(Beginning of Given data)

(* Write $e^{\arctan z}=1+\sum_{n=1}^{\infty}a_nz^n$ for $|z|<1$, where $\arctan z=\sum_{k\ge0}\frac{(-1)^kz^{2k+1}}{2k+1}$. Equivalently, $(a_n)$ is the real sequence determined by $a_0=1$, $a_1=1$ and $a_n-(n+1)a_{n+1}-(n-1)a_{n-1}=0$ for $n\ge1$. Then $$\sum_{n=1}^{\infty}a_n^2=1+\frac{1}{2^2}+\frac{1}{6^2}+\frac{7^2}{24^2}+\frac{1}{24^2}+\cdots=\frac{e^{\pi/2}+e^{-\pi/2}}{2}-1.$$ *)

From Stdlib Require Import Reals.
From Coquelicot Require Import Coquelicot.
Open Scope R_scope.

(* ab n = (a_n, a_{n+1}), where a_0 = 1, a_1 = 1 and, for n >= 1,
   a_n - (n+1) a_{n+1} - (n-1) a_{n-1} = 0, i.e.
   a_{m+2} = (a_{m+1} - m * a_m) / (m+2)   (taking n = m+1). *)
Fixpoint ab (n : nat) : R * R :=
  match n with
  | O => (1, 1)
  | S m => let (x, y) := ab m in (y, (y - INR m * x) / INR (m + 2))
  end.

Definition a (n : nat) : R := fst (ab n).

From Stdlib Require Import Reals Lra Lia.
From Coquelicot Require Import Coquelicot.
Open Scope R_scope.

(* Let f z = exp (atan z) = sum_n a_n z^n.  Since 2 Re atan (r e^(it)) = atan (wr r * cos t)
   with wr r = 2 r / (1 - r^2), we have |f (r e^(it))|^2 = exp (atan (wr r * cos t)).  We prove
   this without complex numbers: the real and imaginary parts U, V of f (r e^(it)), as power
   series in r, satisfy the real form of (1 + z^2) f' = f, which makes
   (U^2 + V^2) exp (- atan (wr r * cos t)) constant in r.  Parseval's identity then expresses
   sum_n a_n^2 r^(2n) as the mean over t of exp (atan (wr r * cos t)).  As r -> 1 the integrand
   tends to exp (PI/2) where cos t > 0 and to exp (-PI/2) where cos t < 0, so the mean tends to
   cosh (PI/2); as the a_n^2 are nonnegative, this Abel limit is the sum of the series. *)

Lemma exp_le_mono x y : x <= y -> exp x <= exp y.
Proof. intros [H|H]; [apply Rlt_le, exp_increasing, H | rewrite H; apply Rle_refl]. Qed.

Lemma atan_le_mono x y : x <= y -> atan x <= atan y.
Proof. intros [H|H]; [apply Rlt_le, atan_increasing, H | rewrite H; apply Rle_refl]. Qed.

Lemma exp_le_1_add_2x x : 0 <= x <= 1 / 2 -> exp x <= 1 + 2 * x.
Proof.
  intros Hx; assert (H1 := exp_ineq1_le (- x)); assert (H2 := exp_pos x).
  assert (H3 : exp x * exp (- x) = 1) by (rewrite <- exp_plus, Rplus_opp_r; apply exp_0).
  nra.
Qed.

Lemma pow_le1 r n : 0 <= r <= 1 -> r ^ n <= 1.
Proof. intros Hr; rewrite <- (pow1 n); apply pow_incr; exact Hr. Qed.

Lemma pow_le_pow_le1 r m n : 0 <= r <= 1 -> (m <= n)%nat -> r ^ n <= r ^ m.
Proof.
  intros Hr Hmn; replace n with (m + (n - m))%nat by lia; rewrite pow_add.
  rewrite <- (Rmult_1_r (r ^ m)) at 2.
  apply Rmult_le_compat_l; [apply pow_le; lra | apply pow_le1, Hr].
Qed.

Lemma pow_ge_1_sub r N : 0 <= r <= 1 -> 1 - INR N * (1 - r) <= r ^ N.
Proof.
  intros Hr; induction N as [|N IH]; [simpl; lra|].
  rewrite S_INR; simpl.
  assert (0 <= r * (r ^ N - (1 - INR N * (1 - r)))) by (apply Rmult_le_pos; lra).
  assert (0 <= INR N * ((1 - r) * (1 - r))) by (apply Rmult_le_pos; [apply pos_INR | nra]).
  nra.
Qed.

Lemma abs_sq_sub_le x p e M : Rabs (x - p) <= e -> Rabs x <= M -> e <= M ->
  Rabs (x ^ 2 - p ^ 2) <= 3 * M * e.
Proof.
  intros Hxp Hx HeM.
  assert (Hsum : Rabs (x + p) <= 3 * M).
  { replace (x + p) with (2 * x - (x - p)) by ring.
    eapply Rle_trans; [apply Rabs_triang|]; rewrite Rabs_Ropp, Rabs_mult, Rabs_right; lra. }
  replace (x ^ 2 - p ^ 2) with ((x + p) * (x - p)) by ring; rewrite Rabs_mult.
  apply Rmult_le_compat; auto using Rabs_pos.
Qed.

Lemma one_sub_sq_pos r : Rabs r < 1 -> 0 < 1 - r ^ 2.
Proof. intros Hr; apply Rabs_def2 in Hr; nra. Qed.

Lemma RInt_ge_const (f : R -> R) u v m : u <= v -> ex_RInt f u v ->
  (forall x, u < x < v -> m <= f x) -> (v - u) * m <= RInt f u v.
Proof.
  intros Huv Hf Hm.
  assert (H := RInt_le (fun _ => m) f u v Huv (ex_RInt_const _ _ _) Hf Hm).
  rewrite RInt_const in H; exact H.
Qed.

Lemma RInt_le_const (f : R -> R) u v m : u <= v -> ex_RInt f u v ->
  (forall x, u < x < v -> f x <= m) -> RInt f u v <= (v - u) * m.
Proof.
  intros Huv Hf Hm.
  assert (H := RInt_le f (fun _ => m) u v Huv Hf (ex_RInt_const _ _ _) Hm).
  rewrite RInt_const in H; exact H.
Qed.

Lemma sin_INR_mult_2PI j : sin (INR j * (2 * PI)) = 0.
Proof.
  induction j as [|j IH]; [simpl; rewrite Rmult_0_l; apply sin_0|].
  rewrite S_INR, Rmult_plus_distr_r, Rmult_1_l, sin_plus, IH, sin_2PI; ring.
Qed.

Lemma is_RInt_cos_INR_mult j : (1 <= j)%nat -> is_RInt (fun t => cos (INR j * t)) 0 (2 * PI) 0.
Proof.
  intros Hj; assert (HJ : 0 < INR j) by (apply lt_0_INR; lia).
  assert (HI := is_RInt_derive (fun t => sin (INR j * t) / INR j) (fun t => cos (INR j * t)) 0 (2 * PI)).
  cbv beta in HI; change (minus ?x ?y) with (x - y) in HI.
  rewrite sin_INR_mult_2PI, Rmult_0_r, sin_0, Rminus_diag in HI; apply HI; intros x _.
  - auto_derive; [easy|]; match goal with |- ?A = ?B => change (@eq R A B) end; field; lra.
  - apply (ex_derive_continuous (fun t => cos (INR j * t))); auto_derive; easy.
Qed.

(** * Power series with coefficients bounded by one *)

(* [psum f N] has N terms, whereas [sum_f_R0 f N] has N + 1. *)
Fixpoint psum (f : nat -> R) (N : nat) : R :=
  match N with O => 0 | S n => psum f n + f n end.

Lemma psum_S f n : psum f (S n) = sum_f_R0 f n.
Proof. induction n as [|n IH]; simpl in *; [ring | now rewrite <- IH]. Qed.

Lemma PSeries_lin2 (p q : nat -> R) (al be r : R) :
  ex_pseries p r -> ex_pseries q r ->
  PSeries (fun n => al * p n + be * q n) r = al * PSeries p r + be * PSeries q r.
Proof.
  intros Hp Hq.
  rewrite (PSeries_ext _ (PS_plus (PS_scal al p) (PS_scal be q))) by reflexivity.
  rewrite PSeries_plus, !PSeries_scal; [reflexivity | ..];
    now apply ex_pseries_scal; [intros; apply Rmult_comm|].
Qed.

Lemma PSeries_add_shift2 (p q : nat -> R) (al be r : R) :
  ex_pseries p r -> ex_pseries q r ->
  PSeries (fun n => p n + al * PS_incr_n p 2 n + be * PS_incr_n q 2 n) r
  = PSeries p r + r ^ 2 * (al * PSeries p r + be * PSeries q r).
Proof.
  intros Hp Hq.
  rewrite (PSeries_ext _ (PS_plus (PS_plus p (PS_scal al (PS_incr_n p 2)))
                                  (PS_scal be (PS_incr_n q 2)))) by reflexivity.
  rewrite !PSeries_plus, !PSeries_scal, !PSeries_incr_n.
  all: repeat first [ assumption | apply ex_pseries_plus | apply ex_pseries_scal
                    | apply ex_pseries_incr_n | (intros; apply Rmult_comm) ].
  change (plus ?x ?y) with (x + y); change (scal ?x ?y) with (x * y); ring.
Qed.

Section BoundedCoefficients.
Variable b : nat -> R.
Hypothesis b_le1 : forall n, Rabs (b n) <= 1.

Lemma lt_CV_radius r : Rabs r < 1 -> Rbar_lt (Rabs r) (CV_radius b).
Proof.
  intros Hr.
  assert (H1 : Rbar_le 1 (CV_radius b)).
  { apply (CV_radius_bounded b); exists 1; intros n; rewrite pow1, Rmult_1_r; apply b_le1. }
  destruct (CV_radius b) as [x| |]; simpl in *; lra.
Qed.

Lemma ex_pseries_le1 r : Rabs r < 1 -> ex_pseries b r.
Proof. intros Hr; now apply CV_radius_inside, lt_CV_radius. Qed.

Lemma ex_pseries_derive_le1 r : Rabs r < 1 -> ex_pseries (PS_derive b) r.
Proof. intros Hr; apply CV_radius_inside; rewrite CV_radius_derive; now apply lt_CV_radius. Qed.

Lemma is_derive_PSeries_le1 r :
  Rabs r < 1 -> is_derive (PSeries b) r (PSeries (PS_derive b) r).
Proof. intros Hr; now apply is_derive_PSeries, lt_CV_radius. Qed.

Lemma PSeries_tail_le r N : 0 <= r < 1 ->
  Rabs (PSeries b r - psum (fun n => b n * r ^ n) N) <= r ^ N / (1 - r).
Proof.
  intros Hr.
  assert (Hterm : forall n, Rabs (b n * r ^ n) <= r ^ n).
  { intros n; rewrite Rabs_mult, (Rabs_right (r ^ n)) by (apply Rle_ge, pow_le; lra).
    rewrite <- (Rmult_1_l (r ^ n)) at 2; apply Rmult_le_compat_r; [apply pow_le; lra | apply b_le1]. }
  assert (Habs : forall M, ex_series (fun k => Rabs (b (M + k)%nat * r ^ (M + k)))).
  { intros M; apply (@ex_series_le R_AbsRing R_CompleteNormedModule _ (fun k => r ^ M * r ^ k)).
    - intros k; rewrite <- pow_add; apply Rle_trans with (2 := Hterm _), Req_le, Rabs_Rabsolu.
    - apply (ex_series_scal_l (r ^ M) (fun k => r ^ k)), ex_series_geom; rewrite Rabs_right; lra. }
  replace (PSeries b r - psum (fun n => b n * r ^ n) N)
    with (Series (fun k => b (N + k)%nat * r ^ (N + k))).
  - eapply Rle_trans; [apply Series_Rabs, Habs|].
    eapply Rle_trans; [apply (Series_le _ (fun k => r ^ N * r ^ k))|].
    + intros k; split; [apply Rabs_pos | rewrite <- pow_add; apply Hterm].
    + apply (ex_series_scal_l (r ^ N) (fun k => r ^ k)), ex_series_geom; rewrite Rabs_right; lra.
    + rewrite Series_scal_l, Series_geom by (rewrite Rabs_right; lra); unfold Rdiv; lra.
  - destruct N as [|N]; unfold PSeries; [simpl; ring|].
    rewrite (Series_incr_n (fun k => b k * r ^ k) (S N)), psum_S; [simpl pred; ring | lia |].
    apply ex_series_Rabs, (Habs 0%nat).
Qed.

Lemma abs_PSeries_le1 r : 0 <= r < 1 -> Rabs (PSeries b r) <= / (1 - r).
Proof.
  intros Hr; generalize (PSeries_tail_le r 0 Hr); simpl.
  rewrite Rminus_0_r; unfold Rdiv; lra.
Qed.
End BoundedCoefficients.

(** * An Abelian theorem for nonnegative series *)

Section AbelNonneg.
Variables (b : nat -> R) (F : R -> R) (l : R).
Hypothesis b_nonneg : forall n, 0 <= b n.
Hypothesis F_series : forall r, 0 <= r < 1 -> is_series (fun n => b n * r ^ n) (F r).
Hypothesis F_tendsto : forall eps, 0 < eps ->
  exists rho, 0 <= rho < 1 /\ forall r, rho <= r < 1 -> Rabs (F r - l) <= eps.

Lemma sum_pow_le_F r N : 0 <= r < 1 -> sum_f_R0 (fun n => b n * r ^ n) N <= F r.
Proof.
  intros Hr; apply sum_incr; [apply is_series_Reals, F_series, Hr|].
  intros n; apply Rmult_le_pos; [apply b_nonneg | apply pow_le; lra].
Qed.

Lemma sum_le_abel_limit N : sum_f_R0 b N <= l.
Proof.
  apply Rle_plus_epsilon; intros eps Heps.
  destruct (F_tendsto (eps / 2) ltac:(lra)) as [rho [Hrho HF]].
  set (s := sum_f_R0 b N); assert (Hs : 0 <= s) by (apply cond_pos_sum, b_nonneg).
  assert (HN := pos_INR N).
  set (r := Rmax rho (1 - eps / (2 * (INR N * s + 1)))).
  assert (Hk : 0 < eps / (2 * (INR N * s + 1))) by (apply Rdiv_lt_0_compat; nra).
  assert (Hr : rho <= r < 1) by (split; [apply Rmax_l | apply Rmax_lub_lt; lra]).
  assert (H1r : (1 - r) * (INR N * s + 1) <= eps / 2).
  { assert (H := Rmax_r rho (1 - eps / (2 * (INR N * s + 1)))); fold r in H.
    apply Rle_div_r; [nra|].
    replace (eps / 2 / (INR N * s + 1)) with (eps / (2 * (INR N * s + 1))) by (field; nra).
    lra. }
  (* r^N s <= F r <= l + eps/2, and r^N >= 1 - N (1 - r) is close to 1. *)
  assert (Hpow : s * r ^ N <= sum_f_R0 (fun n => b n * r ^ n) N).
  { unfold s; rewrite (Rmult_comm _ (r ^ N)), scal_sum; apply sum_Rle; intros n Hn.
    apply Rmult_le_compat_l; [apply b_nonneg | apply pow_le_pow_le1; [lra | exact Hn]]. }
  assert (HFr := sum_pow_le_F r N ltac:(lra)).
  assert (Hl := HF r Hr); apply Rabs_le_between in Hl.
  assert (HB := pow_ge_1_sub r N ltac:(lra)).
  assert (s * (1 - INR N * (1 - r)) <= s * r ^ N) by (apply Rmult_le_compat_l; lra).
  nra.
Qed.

(End of Given data)

§ Problem
Lines that contain "forall" should be pulled from the entries above and reported.

§ Solution to this problem
  (forall x, u < x < v -> m <= f x) -> (v - u) * m <= RInt f u v.
  (forall x, u < x < v -> f x <= m) -> RInt f u v <= (v - u) * m.
Hypothesis b_le1 : forall n, Rabs (b n) <= 1.
  assert (Hterm : forall n, Rabs (b n * r ^ n) <= r ^ n).
  assert (Habs : forall M, ex_series (fun k => Rabs (b (M + k)%nat * r ^ (M + k)))).
Hypothesis b_nonneg : forall n, 0 <= b n.
Hypothesis F_series : forall r, 0 <= r < 1 -> is_series (fun n => b n * r ^ n) (F r).
Hypothesis F_tendsto : forall eps, 0 < eps ->
  exists rho, 0 <= rho < 1 /\ forall r, rho <= r < 1 -> Rabs (F r - l) <= eps.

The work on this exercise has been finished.